Second, there is the question of Herring’s action: I’m reading some bizarre hair-splitting from some who say that Herring didn’t have to defend the 2006 amendment, but he shouldn’t have opposed it publicly. Why? Based on the rulings from the federal Supreme Court on this matter last year, refusing to defend and openly advocating for the plaintiffs is a distinction without a difference. Does it really matter that Herring is simply open about his agreement with the plaintiffs?
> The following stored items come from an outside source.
(* Let $E=[t]_\times R$ where $t\in\mathbb R^3$ and $R\in\mathrm{SO}(3)$ is a rotation about a vector $u$ (i.e. $R$ is given by a unit quaternion $[\sigma\ u^\top]$), and suppose $u^\top t=0$. Let $\tau'=\operatorname{tr}R+1$ and $A=E-E^\top$, with entries $E_{ij}$, $A_{ij}$. Then for every triple $(i,j,k)$ of pairwise distinct indices in $\{1,2,3\}$, $$\big(A_{ki}E_{ii}E_{jk}+A_{ij}E_{kk}E_{ii}-A_{jk}(E_{kk}E_{ik}-E_{ki}E_{jj}+E_{kj}E_{ji}+E_{ij}E_{jk})\big)\tau'+2A_{ij}A_{jk}^2=0,$$ and moreover $$\big(A_{12}A_{23}E_{31}+A_{12}A_{31}E_{32}+A_{12}E_{12}E_{33}+A_{23}A_{31}E_{21}+A_{23}E_{11}E_{23}+A_{31}E_{22}E_{31}\big)\tau'+2A_{12}A_{23}A_{31}=0.$$
   Context: $[t]_\times$ is the skew-symmetric matrix with $[t]_\times b=t\times b$. A unit quaternion $[\sigma\ u^\top]$ ($\sigma^2+\|u\|^2=1$) determines the rotation $R=2(uu^\top-\sigma[u]_\times)+(\sigma^2-\|u\|^2)I$, whose rotation axis is along $u$ (when $u\neq0$) and $\operatorname{tr}R=4\sigma^2-1$. *)

From HB Require Import structures.
From mathcomp Require Import all_boot all_order all_algebra.
Set Implicit Arguments. Unset Strict Implicit. Unset Printing Implicit Defensive.
Import Order.TTheory GRing.Theory Num.Theory.
Local Open Scope ring_scope.

(* the three indices 1,2,3 of the paper, as 0,1,2 *)
Definition i0 : 'I_3 := @Ordinal 3 0 isT.
Definition i1 : 'I_3 := @Ordinal 3 1 isT.
Definition i2 : 'I_3 := @Ordinal 3 2 isT.

(* [t]_x : the skew-symmetric matrix with [t]_x b = t x b (indices 0,1,2). *)
Definition crossmx {R : comNzRingType} (t : 'cV[R]_3) : 'M[R]_3 :=
  \matrix_(i < 3, j < 3)
    (if (val i == 0%N) && (val j == 1%N) then - t i2 0
     else if (val i == 0%N) && (val j == 2%N) then t i1 0
     else if (val i == 1%N) && (val j == 0%N) then t i2 0
     else if (val i == 1%N) && (val j == 2%N) then - t i0 0
     else if (val i == 2%N) && (val j == 0%N) then - t i1 0
     else if (val i == 2%N) && (val j == 1%N) then t i0 0
     else 0).

Definition dotv {R : comNzRingType} (a b : 'cV[R]_3) : R := (a^T *m b) 0 0.

(* rotation matrix of the quaternion [sigma u^T]:
   R = 2 (u u^T - sigma [u]_x) + (sigma^2 - |u|^2) I *)
Definition quat_rot {R : comNzRingType} (sigma : R) (u : 'cV[R]_3) : 'M[R]_3 :=
  2%:R *: (u *m u^T - sigma *: crossmx u) + (sigma ^+ 2 - dotv u u)%:M.

From HB Require Import structures.
From mathcomp Require Import all_boot all_order all_algebra ring.
Set Implicit Arguments.
Unset Strict Implicit.
Unset Printing Implicit Defensive.
Import Order.TTheory GRing.Theory Num.Theory.
Local Open Scope ring_scope.

(* Write K(v) for the skew-symmetric matrix [v]_x.  For a quaternion
   [sigma u^T] with u^T t = 0, the "twisted" translation m := sigma t + u x t
   is again orthogonal to u, and the essential matrix splits as
       E = [t]_x R = sigma K(m) - (u m^T + m u^T),
   a skew-symmetric plus a symmetric matrix (essential_decomposition).  Hence
   A = E - E^T = 2 sigma K(m) (essential_skew), while tr R + 1 = 4 sigma^2 for
   a unit quaternion (quat_rot_trace1).  After these substitutions t has
   disappeared: for any quaternion, the two relations of the theorem evaluated
   at tau = 4 sigma^2 equal 2 (1 - sigma^2 - |u|^2) times their cubic term in
   A, a polynomial identity in sigma, u, m modulo u^T m = 0 that we check
   entrywise (essential_cyclic_defect, essential_triple_defect).  The theorem
   follows by rewriting E, A and tau' and using that the quaternion is a unit. *)

Section Essential.
Variable R : comNzRingType.

Lemma sum3 (F : 'I_3 -> R) : \sum_k F k = F i0 + F i1 + F i2.
Proof.
rewrite !big_ord_recr big_ord0 /= add0r.
by congr (F _ + F _ + F _); apply/val_inj.
Qed.

Lemma ord3P (i : 'I_3) : [\/ i = i0, i = i1 | i = i2].
Proof.
case: i => [[|[|[|m]]] Hi] //; [apply: Or31|apply: Or32|apply: Or33]; exact: val_inj.
Qed.

Lemma dotvE (a b : 'cV[R]_3) :
  dotv a b = a i0 0 * b i0 0 + a i1 0 * b i1 0 + a i2 0 * b i2 0.
Proof. by rewrite /dotv mxE sum3 !mxE. Qed.

(* Orthogonality in the form of a monomial rewrite rule, as used by [ring]. *)
Lemma dotv_eq0_rule (a b : 'cV[R]_3) :
  dotv a b = 0 -> a i0 0 * b i0 0 = - (a i1 0 * b i1 0 + a i2 0 * b i2 0).
Proof. by rewrite dotvE => hab; rewrite -[LHS]subr0 -hab; ring. Qed.

Lemma crossmx_tr (a : 'cV[R]_3) : (crossmx a)^T = - crossmx a.
Proof.
apply/matrixP => i j; rewrite !mxE.
by case: (ord3P i) => ->; case: (ord3P j) => -> /=; rewrite ?oppr0 ?opprK.
Qed.

Lemma quat_rotE (sigma : R) (u : 'cV[R]_3) i j :
  quat_rot sigma u i j
    = 2%:R * (u i 0 * u j 0 - sigma * crossmx u i j)
      + (sigma ^+ 2 - dotv u u) * (i == j)%:R.
Proof. by rewrite !mxE !big_ord1 !mxE mulr_natr. Qed.

(* tr R = 3 sigma^2 - |u|^2, so tr R + 1 = 4 sigma^2 for a unit quaternion. *)
Lemma quat_rot_trace1 (sigma : R) (u : 'cV[R]_3) :
  sigma ^+ 2 + dotv u u = 1 -> mxtrace (quat_rot sigma u) + 1 = 4%:R * sigma ^+ 2.
Proof.
move=> hunit; have hs : sigma ^+ 2 = 1 - dotv u u by rewrite -hunit addrK.
rewrite dotvE in hs.
by rewrite /mxtrace sum3 !quat_rotE dotvE !mxE /=; ring: hs.
Qed.

Definition axis_twist (sigma : R) (u t : 'cV[R]_3) : 'cV[R]_3 :=
  sigma *: t + crossmx u *m t.

(* m stays orthogonal to the rotation axis, since u^T (u x t) = 0. *)
Lemma axis_twist_perp (sigma : R) (u t : 'cV[R]_3) :
  dotv u t = 0 -> dotv u (axis_twist sigma u t) = 0.
Proof.
move=> /dotv_eq0_rule hp.
by rewrite dotvE /axis_twist !(mxE, sum3) /=; ring: hp.
Qed.

Definition essential_form (sigma : R) (u m : 'cV[R]_3) : 'M[R]_3 :=
  sigma *: crossmx m - (u *m m^T + m *m u^T).

Lemma essential_formE (sigma : R) (u m : 'cV[R]_3) i j :
  essential_form sigma u m i j
    = sigma * crossmx m i j - (u i 0 * m j 0 + m i 0 * u j 0).
Proof. by rewrite !mxE !big_ord1 !mxE. Qed.

(* The key factorisation [t]_x R = sigma [m]_x - (u m^T + m u^T), valid when
   the translation is orthogonal to the axis: t x (u x v) = (t^T v) u then. *)
Lemma essential_decomposition (sigma : R) (u t : 'cV[R]_3) :
  dotv u t = 0 ->
  crossmx t *m quat_rot sigma u = essential_form sigma u (axis_twist sigma u t).
Proof.
move=> /dotv_eq0_rule hp; apply/matrixP => i j.
rewrite essential_formE mxE sum3 !quat_rotE dotvE /axis_twist.
by case: (ord3P i) => ->; case: (ord3P j) => ->; rewrite !(mxE, sum3) /=; ring: hp.
Qed.

(* The symmetric part cancels in E - E^T. *)
Lemma essential_skew (sigma : R) (u m : 'cV[R]_3) :
  essential_form sigma u m - (essential_form sigma u m)^T
    = (2%:R * sigma) *: crossmx m.
Proof.
have sym : (u *m m^T + m *m u^T)^T = u *m m^T + m *m u^T.
  by rewrite linearD /= !trmx_mul !trmxK addrC.
rewrite /essential_form linearB /= sym linearZ /= crossmx_tr scalerN.
by rewrite opprB opprK addrA subrK -scalerDl mulr_natl mulr2n.
Qed.

Definition cyclic_relation (E A : 'M[R]_3) (tau : R) (i j k : 'I_3) : R :=
  (A k i * E i i * E j k + A i j * E k k * E i i
   - A j k * (E k k * E i k - E k i * E j j + E k j * E j i + E i j * E j k))
    * tau + 2%:R * A i j * A j k ^+ 2.

Definition triple_relation (E A : 'M[R]_3) (tau : R) : R :=
  (A i0 i1 * A i1 i2 * E i2 i0 + A i0 i1 * A i2 i0 * E i2 i1
   + A i0 i1 * E i0 i1 * E i2 i2 + A i1 i2 * A i2 i0 * E i1 i0
   + A i1 i2 * E i0 i0 * E i1 i2 + A i2 i0 * E i1 i1 * E i2 i0)
    * tau + 2%:R * A i0 i1 * A i1 i2 * A i2 i0.

Section Relations.
Variables (sigma : R) (u m : 'cV[R]_3).
Hypothesis hperp : dotv u m = 0.

Let E := essential_form sigma u m.
Let A := (2%:R * sigma) *: crossmx m.

Lemma essential_cyclic_defect (i j k : 'I_3) :
  i != j -> j != k -> i != k ->
  cyclic_relation E A (4%:R * sigma ^+ 2) i j k
    = 2%:R * (1 - (sigma ^+ 2 + dotv u u)) * (A i j * A j k ^+ 2).
Proof.
have hp := dotv_eq0_rule hperp; rewrite dotvE /cyclic_relation /A /E.
by case: (ord3P i) => ->; case: (ord3P j) => ->; case: (ord3P k) => -> // _ _ _;
  rewrite !essential_formE !mxE /=; ring: hp.
Qed.

Lemma essential_triple_defect :
  triple_relation E A (4%:R * sigma ^+ 2)
    = 2%:R * (1 - (sigma ^+ 2 + dotv u u)) * (A i0 i1 * A i1 i2 * A i2 i0).
Proof.
have hp := dotv_eq0_rule hperp; rewrite dotvE /triple_relation /A /E.
by rewrite !essential_formE !mxE /=; ring: hp.
Qed.

End Relations.
End Essential.

Theorem mainTheorem5 (R : realFieldType) (sigma : R) (u t : 'cV[R]_3)
  (hunit : sigma ^+ 2 + dotv u u = 1)
  (hperp : dotv u t = 0) :
  let Rot := quat_rot sigma u in
  let E := crossmx t *m Rot in
  let A := E - E^T in
  let tau' := mxtrace Rot + 1 in
  (forall i j k : 'I_3, i != j -> j != k -> i != k ->
     (A k i * E i i * E j k + A i j * E k k * E i i
      - A j k * (E k k * E i k - E k i * E j j + E k j * E j i + E i j * E j k))
       * tau' + 2%:R * A i j * A j k ^+ 2 = 0)
  /\
  (A i0 i1 * A i1 i2 * E i2 i0 + A i0 i1 * A i2 i0 * E i2 i1
   + A i0 i1 * E i0 i1 * E i2 i2 + A i1 i2 * A i2 i0 * E i1 i0
   + A i1 i2 * E i0 i0 * E i1 i2 + A i2 i0 * E i1 i1 * E i2 i0)
    * tau' + 2%:R * A i0 i1 * A i1 i2 * A i2 i0 = 0.
Proof.
move=> Rot E A tau'.
pose m := axis_twist sigma u t.
have hm : dotv u m = 0 := axis_twist_perp sigma hperp.
have hE : E = essential_form sigma u m := essential_decomposition sigma hperp.
have hA : A = (2%:R * sigma) *: crossmx m by rewrite /A hE essential_skew.
have htau : tau' = 4%:R * sigma ^+ 2 := quat_rot_trace1 hunit.
rewrite htau hA hE; split=> [i j k hij hjk hik|].
  have := essential_cyclic_defect sigma hm hij hjk hik.
  by rewrite hunit subrr mulr0 mul0r => relation0; exact: relation0.
have := essential_triple_defect sigma hm.
by rewrite hunit subrr mulr0 mul0r => relation0; exact: relation0.
Qed.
Next up, we have the political implications, which are vast and multi-dimensional. For starters, as I noted above, the RPV’s respect for the state constitution is hardly consistent, and Democrats will gleefully remind voters of that for months and years. Again, voters saw the Richmond Republican crew pass and celebrate a blatantly unconstitutional tax scheme less than a decade ago. They will wonder why the constitution is so important now, and they will conclude that the Republicans care more about stopping gay marriages than keeping taxes low and government limited. That’s the political equivalent of drowning the Commonwealth in blue paint.
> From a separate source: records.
(* Consider a restless bandit, set system $(N^{\{0,1\}},\mathcal F)$ as in the context, and suppose the bandit is PCL-indexable relative to $b^u$ and $\mathcal F$-policies, with the adaptive-greedy algorithm on input $\widehat{\mathbf h}^0_{N^{\{0,1\}}}$ producing $\boldsymbol\pi=(\pi_1,\dots,\pi_n)$ and $\boldsymbol\nu$; let $S_k=\{\pi_k,\dots,\pi_n\}$ ($1\le k\le n$), $S_{n+1}=\emptyset$, and $v^S_i(\nu)=v^S_i+\nu b^S_i$. Then for each $i\in N$, $v_i(\nu)$ is continuous, concave and piecewise linear in $\nu$, and $$v_i(\nu)=\min\{v^{S_k}_i(\nu):1\le k\le n+1\}=\begin{cases} v^{S_1}_i(\nu), & \nu\in(-\infty,\nu_{\pi_1}],\\ v^{S_k}_i(\nu), & \nu\in[\nu_{\pi_{k-1}},\nu_{\pi_k}],\ 2\le k\le n,\\ v^{S_{n+1}}_i(\nu), & \nu\in[\nu_{\pi_n},+\infty).\end{cases}$$
   Context: Restless bandit: finite state space $N=N^{\{0,1\}}\cup N^{\{1\}}$ (disjoint; controllable and uncontrollable states); actions $a\in\{0,1\}$; one-period costs $h^a_i$, transition probabilities $p^a_{ij}$ with $p^1_{ij}=p^0_{ij}$ for $i\in N^{\{1\}}$; discount factor $\beta\in(0,1)$; activity weights $\theta^1_j>0$. Stationary policies $u:N\to[0,1]$ (probability of active action) with $u(i)=1$ on $N^{\{1\}}$. $v^u_i=E^u_i[\sum_{t\ge0}h^{a(t)}_{X(t)}\beta^t]$, $b^u_i=E^u_i[\sum_{t\ge0}\theta^1_{X(t)}a(t)\beta^t]$. For $S\subseteq N^{\{0,1\}}$ the $S$-active policy is active on $S\cup N^{\{1\}}$, passive elsewhere; $v^S_i,b^S_i$ its measures. $v_i(\nu)=\min_u\{v^u_i+\nu b^u_i\}$. Marginal workloads $w^S_i=\theta^1_i1\{i\in N^{\{0,1\}}\}+\beta\sum_j(p^1_{ij}-p^0_{ij})b^S_j$. $\widehat{\mathbf h}^0=\mathbf h^0-(\mathbf I-\beta\mathbf P^0)(\mathbf I-\beta\mathbf P^1)^{-1}\mathbf h^1$. $\mathcal F\subseteq2^{N^{\{0,1\}}}$: $\emptyset\in\mathcal F$; each nonempty $S\in\mathcal F$ has nonempty $\partial^-S=\{j\in S:S\setminus\{j\}\in\mathcal F\}$; each $S\in\mathcal F$ other than $N^{\{0,1\}}$ has $j\notin S$ with $S\cup\{j\}\in\mathcal F$. Adaptive-greedy algorithm on input $\mathbf c$, $n=|N^{\{0,1\}}|$: $S_1=N^{\{0,1\}}$, $y^{S_1}=\min\{c_j/w^{S_1}_j:j\in\partial^-S_1\}$, $\pi_1$ a minimizer, $\nu_{\pi_1}=y^{S_1}$; for $k=2..n$: $S_k=S_{k-1}\setminus\{\pi_{k-1}\}$, $y^{S_k}=\min\{(c_j-\sum_{l<k}y^{S_l}w^{S_l}_j)/w^{S_k}_j:j\in\partial^-S_k\}$, $\pi_k$ a minimizer, $\nu_{\pi_k}=\nu_{\pi_{k-1}}+y^{S_k}$. PCL-indexability: (i) $w^S_j>0$ for $S\in\mathcal F$, $j\in N^{\{0,1\}}$; (ii) on input $(\widehat h^0_j)_{j\in N^{\{0,1\}}}$ the output satisfies $\nu_{\pi_1}\le\cdots\le\nu_{\pi_n}$. *)

From mathcomp Require Import all_boot all_order all_algebra.
From mathcomp Require Import all_classical all_reals all_analysis.
Set Implicit Arguments. Unset Strict Implicit. Unset Printing Implicit Defensive.
Import Order.TTheory GRing.Theory Num.Theory.
Local Open Scope ring_scope.
Local Open Scope classical_set_scope.

Section Bandit.
Variables (R : realType) (m : nat).
(* ctrl = N^{0,1}; its complement = N^{1} (uncontrollable states) *)
Variable ctrl : {set 'I_m}.
Variables (P0 P1 : 'M[R]_m) (h0 h1 theta1 : 'I_m -> R) (beta : R).

Definition stochastic (P : 'M[R]_m) : Prop :=
  (forall i j, 0 <= P i j) /\ (forall i, \sum_j P i j = 1).

(* admissible stationary (randomized) policy: u i = prob. of the active action *)
Definition admissible (u : 'I_m -> R) : Prop :=
  (forall i, 0 <= u i <= 1) /\ (forall i, i \notin ctrl -> u i = 1).

Definition Pu (u : 'I_m -> R) : 'M[R]_m :=
  \matrix_(i, j) (u i * P1 i j + (1 - u i) * P0 i j).
Definition hu (u : 'I_m -> R) : 'cV[R]_m :=
  \col_i (u i * h1 i + (1 - u i) * h0 i).
Definition thu (u : 'I_m -> R) : 'cV[R]_m :=
  \col_i (theta1 i * u i).

(* expected total discounted reward E_i[sum_t r(X t, a t) beta^t]
   = sum_t beta^t ((P^u)^t r)_i *)
Definition disc_sum (P : 'M[R]_m) (r : 'cV[R]_m) (i : 'I_m) : R :=
  limn (fun n => \sum_(t < n) beta ^+ t * ((P ^+ t *m r) i ord0)).

Definition vu (u : 'I_m -> R) (i : 'I_m) : R := disc_sum (Pu u) (hu u) i.
Definition bu (u : 'I_m -> R) (i : 'I_m) : R := disc_sum (Pu u) (thu u) i.

Definition Spol (S : {set 'I_m}) (i : 'I_m) : R :=
  if (i \in S) || (i \notin ctrl) then 1 else 0.
Definition vS (S : {set 'I_m}) (i : 'I_m) : R := vu (Spol S) i.
Definition bS (S : {set 'I_m}) (i : 'I_m) : R := bu (Spol S) i.
Definition vSnu (S : {set 'I_m}) (nu : R) (i : 'I_m) : R := vS S i + nu * bS S i.

Definition vopt (nu : R) (i : 'I_m) : R :=
  inf [set vu u i + nu * bu u i | u in admissible].

Definition wS (S : {set 'I_m}) (i : 'I_m) : R :=
  theta1 i * (i \in ctrl)%:R + beta * \sum_j (P1 i j - P0 i j) * bS S j.

Definition hhat0 : 'I_m -> R :=
  let c := (\col_i h0 i) - (1%:M - beta *: P0) *m invmx (1%:M - beta *: P1) *m (\col_i h1 i)
  in fun i => c i ord0.

Definition dminus (F : {set {set 'I_m}}) (S : {set 'I_m}) : {set 'I_m} :=
  [set j in S | S :\ j \in F].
Yet there are also ramifications for just this year. Political capital that would otherwise be saved up for stopping Medicaid expansion (Brian Schoeneman explains the financial implications here; he didn’t mention that Medicaid does – at best – nothing to improve the health of the poor, but that would just reinforce the point) or Governor McAuliffe’s budget spending spree will be wasted on an effort doomed to fail (seven Senate Democrats would have to vote to remove Herring from office, and that’s not happening).

Finally, there is the one thing we are all forgetting – the flip side of what Herring has done: I may be the only person to notice this, but there are serious problems with the 1971 Virginia Constitution. Article 10 (on education) specifically discriminates against schools of faith, and could be read to make vouchers illegal in the Commonwealth (a potential violation of freedom of religion). Article 11 (on environmental protection) could be used to ride roughshod over property rights (and the Fifth and Fourteenth federal amendments). Do we really want future Attorneys General to arbitrarily defend an overreaching state government? Or muzzle itself in the face of such overreach? I feel the question answers itself.

For these reasons, impeaching Mark Herring is a terrible idea – one that will damage Virginia, the cause of limited government within Virginia, and the Republican Party of Virginia for years – if not decades.